Material provided Block Start

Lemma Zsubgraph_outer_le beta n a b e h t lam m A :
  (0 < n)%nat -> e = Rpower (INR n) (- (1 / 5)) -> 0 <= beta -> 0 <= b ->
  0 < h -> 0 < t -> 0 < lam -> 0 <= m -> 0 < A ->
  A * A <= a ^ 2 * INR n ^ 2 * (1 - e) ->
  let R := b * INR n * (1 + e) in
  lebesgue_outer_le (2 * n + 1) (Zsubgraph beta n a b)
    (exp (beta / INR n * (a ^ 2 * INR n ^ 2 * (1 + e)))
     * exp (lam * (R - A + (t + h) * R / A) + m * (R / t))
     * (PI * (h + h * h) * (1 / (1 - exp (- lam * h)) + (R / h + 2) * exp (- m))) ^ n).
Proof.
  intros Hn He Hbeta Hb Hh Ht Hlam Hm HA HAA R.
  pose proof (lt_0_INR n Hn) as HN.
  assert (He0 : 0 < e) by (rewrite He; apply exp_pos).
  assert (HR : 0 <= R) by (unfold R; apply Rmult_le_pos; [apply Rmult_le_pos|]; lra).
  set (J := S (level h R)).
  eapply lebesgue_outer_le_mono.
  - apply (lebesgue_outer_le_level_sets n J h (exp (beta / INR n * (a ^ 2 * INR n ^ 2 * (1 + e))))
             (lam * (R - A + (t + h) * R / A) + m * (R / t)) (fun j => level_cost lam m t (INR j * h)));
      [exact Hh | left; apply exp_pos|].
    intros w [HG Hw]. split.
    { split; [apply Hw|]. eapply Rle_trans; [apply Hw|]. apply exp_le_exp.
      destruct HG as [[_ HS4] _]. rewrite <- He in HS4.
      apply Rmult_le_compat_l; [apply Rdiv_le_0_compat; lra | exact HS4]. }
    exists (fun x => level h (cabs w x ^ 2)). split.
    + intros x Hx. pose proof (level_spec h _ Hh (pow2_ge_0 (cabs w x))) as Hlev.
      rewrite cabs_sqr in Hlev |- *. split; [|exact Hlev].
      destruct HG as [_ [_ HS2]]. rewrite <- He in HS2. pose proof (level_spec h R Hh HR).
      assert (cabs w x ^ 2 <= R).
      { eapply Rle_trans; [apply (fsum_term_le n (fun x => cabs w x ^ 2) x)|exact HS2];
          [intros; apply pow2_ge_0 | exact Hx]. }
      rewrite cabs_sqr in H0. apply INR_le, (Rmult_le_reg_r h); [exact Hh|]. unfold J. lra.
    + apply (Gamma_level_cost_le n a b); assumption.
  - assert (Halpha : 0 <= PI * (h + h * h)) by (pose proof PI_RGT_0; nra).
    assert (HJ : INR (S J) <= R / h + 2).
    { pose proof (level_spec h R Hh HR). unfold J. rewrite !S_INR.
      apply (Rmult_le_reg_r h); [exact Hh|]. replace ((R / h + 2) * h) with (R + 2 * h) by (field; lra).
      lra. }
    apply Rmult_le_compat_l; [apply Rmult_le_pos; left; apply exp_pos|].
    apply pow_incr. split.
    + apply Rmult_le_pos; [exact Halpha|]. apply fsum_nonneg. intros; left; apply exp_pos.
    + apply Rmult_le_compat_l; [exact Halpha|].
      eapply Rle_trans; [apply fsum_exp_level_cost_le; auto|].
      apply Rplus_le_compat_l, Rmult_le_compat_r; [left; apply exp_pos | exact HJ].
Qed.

Material provided Block End
Material provided Block Start

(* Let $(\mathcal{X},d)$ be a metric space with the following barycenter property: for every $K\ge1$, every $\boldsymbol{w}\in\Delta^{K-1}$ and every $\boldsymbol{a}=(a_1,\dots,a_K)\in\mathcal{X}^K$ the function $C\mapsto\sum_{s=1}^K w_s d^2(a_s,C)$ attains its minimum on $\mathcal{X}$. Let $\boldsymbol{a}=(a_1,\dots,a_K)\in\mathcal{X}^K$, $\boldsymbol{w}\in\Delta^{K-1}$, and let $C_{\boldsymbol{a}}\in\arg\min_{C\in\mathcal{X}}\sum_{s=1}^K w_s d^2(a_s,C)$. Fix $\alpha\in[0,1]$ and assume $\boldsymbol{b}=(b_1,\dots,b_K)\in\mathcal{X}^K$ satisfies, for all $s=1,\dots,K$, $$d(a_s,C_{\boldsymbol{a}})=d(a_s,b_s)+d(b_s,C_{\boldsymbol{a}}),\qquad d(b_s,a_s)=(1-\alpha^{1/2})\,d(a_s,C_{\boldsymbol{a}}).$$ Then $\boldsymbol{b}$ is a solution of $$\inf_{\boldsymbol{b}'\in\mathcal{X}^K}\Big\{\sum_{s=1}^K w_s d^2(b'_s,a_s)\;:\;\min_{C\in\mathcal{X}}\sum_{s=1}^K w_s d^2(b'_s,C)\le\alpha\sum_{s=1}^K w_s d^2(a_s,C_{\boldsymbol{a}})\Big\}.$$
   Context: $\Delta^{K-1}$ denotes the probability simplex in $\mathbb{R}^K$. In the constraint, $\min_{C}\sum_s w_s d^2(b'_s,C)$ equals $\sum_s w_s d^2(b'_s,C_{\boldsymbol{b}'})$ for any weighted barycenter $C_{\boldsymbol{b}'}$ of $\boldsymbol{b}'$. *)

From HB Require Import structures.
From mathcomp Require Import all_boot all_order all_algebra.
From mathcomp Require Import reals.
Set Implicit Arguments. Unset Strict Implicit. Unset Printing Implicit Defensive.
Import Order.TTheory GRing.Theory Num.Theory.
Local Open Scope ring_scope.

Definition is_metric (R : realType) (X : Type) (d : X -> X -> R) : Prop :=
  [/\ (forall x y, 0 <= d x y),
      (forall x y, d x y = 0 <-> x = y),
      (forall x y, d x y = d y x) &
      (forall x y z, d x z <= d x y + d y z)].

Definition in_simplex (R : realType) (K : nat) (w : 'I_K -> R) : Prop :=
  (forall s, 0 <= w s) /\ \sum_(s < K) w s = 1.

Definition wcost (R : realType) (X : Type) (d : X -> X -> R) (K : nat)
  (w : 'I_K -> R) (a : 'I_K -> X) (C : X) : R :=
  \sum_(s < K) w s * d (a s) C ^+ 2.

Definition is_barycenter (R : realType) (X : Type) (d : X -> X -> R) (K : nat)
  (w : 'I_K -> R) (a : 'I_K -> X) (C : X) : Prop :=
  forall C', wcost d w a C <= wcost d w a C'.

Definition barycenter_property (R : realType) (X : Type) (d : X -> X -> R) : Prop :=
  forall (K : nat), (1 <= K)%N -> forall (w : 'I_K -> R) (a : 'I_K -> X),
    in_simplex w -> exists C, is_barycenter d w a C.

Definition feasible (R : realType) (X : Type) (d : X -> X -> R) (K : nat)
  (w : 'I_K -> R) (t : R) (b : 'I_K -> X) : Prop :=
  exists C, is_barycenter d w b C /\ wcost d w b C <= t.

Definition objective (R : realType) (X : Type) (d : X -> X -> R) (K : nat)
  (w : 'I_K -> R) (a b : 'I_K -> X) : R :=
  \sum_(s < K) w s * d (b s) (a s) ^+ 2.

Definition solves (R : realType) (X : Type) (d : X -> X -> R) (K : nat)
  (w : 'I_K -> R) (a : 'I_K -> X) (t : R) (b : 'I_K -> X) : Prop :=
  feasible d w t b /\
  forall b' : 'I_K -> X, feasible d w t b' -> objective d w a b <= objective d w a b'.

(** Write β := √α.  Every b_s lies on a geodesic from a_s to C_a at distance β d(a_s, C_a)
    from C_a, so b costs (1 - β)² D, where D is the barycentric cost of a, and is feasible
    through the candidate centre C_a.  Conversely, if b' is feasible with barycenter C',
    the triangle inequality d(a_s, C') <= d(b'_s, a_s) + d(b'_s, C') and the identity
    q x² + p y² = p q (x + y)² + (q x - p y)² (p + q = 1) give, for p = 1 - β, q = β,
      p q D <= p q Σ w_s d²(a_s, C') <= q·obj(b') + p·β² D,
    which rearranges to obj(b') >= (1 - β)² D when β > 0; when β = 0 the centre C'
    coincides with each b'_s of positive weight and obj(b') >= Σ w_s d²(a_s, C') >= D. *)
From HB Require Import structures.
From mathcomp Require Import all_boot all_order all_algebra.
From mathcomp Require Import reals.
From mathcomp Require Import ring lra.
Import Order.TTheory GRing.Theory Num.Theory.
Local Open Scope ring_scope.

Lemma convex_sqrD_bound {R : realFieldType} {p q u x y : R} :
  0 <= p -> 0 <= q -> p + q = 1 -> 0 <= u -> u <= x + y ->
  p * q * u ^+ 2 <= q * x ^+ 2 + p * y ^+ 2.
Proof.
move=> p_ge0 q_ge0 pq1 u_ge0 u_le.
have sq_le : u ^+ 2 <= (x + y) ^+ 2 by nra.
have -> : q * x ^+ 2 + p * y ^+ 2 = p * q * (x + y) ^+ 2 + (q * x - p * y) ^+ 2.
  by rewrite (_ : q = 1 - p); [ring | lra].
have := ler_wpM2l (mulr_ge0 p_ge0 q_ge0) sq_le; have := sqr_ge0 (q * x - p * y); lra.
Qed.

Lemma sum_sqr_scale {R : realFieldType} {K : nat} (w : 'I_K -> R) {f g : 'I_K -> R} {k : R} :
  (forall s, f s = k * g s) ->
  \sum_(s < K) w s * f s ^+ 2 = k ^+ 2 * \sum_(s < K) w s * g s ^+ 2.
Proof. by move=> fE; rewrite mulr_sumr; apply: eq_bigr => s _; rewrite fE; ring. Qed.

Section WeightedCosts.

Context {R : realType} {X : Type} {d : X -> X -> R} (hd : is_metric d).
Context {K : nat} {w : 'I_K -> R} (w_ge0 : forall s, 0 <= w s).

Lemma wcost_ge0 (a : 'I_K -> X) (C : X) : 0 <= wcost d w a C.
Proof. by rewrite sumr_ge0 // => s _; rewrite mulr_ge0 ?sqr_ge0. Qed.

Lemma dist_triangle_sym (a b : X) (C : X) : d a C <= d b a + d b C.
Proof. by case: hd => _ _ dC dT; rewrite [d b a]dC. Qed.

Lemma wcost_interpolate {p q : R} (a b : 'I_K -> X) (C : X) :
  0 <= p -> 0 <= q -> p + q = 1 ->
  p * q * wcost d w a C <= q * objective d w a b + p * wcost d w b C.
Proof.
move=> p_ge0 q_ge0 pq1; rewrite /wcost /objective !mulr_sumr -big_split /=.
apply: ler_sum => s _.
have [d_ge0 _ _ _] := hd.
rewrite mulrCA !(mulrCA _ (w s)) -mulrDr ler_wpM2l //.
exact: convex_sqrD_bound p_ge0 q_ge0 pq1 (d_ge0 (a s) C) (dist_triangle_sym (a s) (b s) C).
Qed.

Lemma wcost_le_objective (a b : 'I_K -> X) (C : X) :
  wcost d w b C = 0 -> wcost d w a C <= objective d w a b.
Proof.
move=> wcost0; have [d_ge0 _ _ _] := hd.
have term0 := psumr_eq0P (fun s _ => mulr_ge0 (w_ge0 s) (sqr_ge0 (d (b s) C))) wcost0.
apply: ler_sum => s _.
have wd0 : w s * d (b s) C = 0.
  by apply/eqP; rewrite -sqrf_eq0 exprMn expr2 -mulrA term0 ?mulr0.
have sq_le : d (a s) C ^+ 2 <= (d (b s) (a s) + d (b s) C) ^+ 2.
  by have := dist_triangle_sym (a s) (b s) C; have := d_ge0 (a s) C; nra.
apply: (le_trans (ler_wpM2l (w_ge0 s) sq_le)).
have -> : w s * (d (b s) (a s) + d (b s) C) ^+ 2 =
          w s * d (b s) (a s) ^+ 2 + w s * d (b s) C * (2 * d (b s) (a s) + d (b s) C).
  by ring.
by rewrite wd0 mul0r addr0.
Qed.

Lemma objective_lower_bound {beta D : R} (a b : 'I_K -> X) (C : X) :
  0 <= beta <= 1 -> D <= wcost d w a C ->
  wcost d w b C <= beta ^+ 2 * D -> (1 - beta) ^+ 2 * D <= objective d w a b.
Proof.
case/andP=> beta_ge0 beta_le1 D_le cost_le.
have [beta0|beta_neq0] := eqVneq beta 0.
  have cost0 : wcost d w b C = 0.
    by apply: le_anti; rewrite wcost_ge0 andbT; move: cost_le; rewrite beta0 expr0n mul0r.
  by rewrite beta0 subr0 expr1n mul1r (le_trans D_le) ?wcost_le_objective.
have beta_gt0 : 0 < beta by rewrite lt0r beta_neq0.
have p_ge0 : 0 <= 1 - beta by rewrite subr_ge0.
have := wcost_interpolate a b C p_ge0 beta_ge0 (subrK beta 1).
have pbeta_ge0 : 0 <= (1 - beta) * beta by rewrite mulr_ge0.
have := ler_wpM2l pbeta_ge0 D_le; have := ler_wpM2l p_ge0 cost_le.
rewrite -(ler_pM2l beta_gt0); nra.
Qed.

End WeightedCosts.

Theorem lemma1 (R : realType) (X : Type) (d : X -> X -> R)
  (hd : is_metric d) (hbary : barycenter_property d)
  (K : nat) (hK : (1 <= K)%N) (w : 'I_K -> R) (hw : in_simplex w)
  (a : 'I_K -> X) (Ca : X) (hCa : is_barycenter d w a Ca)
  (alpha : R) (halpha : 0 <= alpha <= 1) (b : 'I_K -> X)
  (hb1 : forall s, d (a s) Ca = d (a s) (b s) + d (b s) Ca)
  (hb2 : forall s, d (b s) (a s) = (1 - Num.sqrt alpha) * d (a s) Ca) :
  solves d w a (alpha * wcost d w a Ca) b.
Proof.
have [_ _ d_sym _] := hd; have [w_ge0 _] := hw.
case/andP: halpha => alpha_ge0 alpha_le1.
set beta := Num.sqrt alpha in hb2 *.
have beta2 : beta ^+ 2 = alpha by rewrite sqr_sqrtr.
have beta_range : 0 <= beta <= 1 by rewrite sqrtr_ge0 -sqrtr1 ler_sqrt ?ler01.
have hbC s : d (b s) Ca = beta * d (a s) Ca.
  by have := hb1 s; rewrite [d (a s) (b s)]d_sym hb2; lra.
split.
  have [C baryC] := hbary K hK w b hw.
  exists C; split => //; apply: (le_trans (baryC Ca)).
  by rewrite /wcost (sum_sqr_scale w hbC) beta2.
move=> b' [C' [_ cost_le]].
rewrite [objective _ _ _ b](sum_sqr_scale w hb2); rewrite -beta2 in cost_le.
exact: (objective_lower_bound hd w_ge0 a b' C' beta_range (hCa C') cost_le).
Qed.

Material provided Block End
Material provided Block Start

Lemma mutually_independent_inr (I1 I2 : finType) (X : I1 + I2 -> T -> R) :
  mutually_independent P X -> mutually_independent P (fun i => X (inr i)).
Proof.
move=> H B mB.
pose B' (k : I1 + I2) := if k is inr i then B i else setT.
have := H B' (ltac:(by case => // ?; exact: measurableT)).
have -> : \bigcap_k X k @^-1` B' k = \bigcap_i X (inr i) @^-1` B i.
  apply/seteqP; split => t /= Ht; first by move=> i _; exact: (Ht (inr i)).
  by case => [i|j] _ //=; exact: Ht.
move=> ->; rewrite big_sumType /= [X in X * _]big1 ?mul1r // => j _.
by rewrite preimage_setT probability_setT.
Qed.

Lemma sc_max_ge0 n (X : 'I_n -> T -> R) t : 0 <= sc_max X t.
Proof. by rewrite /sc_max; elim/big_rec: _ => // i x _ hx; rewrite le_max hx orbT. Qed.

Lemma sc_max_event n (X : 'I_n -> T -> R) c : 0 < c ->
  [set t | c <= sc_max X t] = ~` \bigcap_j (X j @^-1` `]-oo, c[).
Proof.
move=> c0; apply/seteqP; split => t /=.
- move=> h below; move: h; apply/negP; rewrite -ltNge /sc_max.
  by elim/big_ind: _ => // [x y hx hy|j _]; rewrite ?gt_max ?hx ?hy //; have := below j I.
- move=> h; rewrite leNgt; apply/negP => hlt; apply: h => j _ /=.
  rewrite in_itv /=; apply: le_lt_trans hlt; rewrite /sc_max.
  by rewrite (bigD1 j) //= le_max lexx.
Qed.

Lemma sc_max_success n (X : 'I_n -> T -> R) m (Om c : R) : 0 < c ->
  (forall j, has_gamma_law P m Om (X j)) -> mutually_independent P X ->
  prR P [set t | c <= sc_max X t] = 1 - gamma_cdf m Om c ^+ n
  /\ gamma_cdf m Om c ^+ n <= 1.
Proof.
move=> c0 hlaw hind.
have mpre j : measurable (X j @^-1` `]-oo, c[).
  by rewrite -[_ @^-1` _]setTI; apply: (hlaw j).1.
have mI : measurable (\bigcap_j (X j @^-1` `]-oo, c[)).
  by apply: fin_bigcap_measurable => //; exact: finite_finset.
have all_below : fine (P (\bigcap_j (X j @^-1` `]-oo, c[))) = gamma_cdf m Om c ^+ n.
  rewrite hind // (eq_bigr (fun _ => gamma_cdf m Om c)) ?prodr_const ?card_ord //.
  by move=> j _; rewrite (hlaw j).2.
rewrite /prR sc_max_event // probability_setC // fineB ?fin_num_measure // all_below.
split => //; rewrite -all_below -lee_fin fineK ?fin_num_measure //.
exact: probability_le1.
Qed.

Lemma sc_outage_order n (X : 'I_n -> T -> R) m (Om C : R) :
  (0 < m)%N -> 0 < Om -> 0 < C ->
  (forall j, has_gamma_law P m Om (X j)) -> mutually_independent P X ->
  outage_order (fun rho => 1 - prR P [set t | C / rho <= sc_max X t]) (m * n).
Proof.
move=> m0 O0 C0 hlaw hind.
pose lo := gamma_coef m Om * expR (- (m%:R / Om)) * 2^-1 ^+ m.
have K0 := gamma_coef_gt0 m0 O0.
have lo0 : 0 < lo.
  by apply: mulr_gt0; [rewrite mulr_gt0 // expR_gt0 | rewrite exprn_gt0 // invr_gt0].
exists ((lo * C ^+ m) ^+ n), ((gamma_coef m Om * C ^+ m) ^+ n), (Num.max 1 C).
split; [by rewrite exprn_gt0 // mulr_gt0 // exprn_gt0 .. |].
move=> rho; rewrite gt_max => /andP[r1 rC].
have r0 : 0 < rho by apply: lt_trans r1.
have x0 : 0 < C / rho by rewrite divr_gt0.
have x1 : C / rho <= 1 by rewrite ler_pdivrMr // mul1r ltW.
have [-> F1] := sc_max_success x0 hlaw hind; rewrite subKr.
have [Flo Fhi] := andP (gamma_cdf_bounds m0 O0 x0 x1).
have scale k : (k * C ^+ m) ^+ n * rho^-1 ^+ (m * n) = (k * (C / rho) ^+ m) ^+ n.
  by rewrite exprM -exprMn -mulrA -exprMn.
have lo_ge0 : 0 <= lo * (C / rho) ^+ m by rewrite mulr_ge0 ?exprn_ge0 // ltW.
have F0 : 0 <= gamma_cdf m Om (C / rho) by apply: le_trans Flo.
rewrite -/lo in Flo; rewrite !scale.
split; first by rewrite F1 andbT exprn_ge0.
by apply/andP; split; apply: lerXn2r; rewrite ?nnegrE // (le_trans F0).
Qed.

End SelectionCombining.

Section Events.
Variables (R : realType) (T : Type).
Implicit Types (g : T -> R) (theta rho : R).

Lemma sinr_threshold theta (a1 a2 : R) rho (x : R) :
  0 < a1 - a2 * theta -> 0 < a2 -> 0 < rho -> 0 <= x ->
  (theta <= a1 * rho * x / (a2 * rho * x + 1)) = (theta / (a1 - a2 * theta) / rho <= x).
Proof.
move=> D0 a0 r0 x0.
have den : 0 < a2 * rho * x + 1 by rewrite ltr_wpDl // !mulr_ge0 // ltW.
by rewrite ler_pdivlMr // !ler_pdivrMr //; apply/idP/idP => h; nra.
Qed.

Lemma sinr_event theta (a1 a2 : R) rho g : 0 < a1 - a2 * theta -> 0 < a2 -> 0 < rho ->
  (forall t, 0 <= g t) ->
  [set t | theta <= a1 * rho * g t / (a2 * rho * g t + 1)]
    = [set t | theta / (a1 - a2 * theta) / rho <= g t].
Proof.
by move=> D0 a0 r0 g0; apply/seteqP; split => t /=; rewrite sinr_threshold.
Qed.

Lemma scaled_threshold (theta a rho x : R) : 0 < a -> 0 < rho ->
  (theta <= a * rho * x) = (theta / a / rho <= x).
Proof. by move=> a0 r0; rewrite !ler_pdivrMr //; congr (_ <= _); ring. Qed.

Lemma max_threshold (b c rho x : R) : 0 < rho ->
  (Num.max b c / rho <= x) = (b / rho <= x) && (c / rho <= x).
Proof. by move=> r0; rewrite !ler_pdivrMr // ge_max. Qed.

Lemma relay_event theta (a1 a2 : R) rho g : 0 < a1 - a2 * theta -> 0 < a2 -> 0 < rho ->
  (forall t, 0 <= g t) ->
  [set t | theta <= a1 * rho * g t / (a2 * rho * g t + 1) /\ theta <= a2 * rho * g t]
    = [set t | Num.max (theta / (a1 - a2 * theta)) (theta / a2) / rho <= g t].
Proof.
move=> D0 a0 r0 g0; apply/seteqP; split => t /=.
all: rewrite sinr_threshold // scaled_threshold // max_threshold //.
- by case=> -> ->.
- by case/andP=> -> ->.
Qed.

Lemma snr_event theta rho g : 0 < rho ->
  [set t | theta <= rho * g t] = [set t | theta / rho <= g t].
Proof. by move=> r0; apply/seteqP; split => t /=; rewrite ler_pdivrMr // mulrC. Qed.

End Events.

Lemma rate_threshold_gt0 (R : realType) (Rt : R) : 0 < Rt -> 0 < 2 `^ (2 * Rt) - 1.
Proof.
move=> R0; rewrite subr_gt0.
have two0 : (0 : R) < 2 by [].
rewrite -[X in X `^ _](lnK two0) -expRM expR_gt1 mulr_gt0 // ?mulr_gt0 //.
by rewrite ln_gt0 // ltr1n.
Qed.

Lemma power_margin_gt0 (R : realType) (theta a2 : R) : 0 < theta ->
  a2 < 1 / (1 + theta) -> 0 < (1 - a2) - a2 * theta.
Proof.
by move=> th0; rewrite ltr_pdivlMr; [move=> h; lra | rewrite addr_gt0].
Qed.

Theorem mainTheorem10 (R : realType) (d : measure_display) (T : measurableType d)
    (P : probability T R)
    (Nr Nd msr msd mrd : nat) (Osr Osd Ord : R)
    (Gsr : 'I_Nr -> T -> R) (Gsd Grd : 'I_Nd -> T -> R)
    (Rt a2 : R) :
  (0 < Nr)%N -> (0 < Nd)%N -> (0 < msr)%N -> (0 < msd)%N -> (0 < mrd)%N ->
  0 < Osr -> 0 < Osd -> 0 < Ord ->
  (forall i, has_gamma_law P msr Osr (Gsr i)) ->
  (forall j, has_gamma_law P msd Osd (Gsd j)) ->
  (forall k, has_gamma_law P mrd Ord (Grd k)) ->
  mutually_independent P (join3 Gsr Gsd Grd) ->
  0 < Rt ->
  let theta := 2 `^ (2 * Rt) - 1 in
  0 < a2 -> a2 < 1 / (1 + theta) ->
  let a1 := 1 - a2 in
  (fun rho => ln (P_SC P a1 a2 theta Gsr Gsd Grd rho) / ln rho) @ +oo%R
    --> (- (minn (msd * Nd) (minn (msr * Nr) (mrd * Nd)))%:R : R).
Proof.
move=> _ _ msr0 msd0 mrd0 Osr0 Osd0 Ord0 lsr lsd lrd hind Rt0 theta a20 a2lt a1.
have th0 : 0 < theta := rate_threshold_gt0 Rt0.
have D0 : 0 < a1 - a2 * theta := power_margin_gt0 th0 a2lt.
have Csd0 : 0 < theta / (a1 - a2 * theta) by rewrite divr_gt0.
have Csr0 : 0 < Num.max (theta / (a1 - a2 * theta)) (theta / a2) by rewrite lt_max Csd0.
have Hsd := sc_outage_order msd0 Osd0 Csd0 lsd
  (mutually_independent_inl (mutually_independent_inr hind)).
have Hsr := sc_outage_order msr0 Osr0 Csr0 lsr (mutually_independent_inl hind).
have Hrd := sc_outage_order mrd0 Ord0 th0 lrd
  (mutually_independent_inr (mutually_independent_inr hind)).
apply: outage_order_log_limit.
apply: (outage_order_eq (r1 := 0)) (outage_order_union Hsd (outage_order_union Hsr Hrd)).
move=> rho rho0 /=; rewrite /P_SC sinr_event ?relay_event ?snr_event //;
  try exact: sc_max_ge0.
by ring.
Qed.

Material provided Block End

Task prompt >> Return every line of the listing above where "Hlev" appears.

Output for this task >>
    + intros x Hx. pose proof (level_spec h _ Hh (pow2_ge_0 (cabs w x))) as Hlev.
      rewrite cabs_sqr in Hlev |- *. split; [|exact Hlev].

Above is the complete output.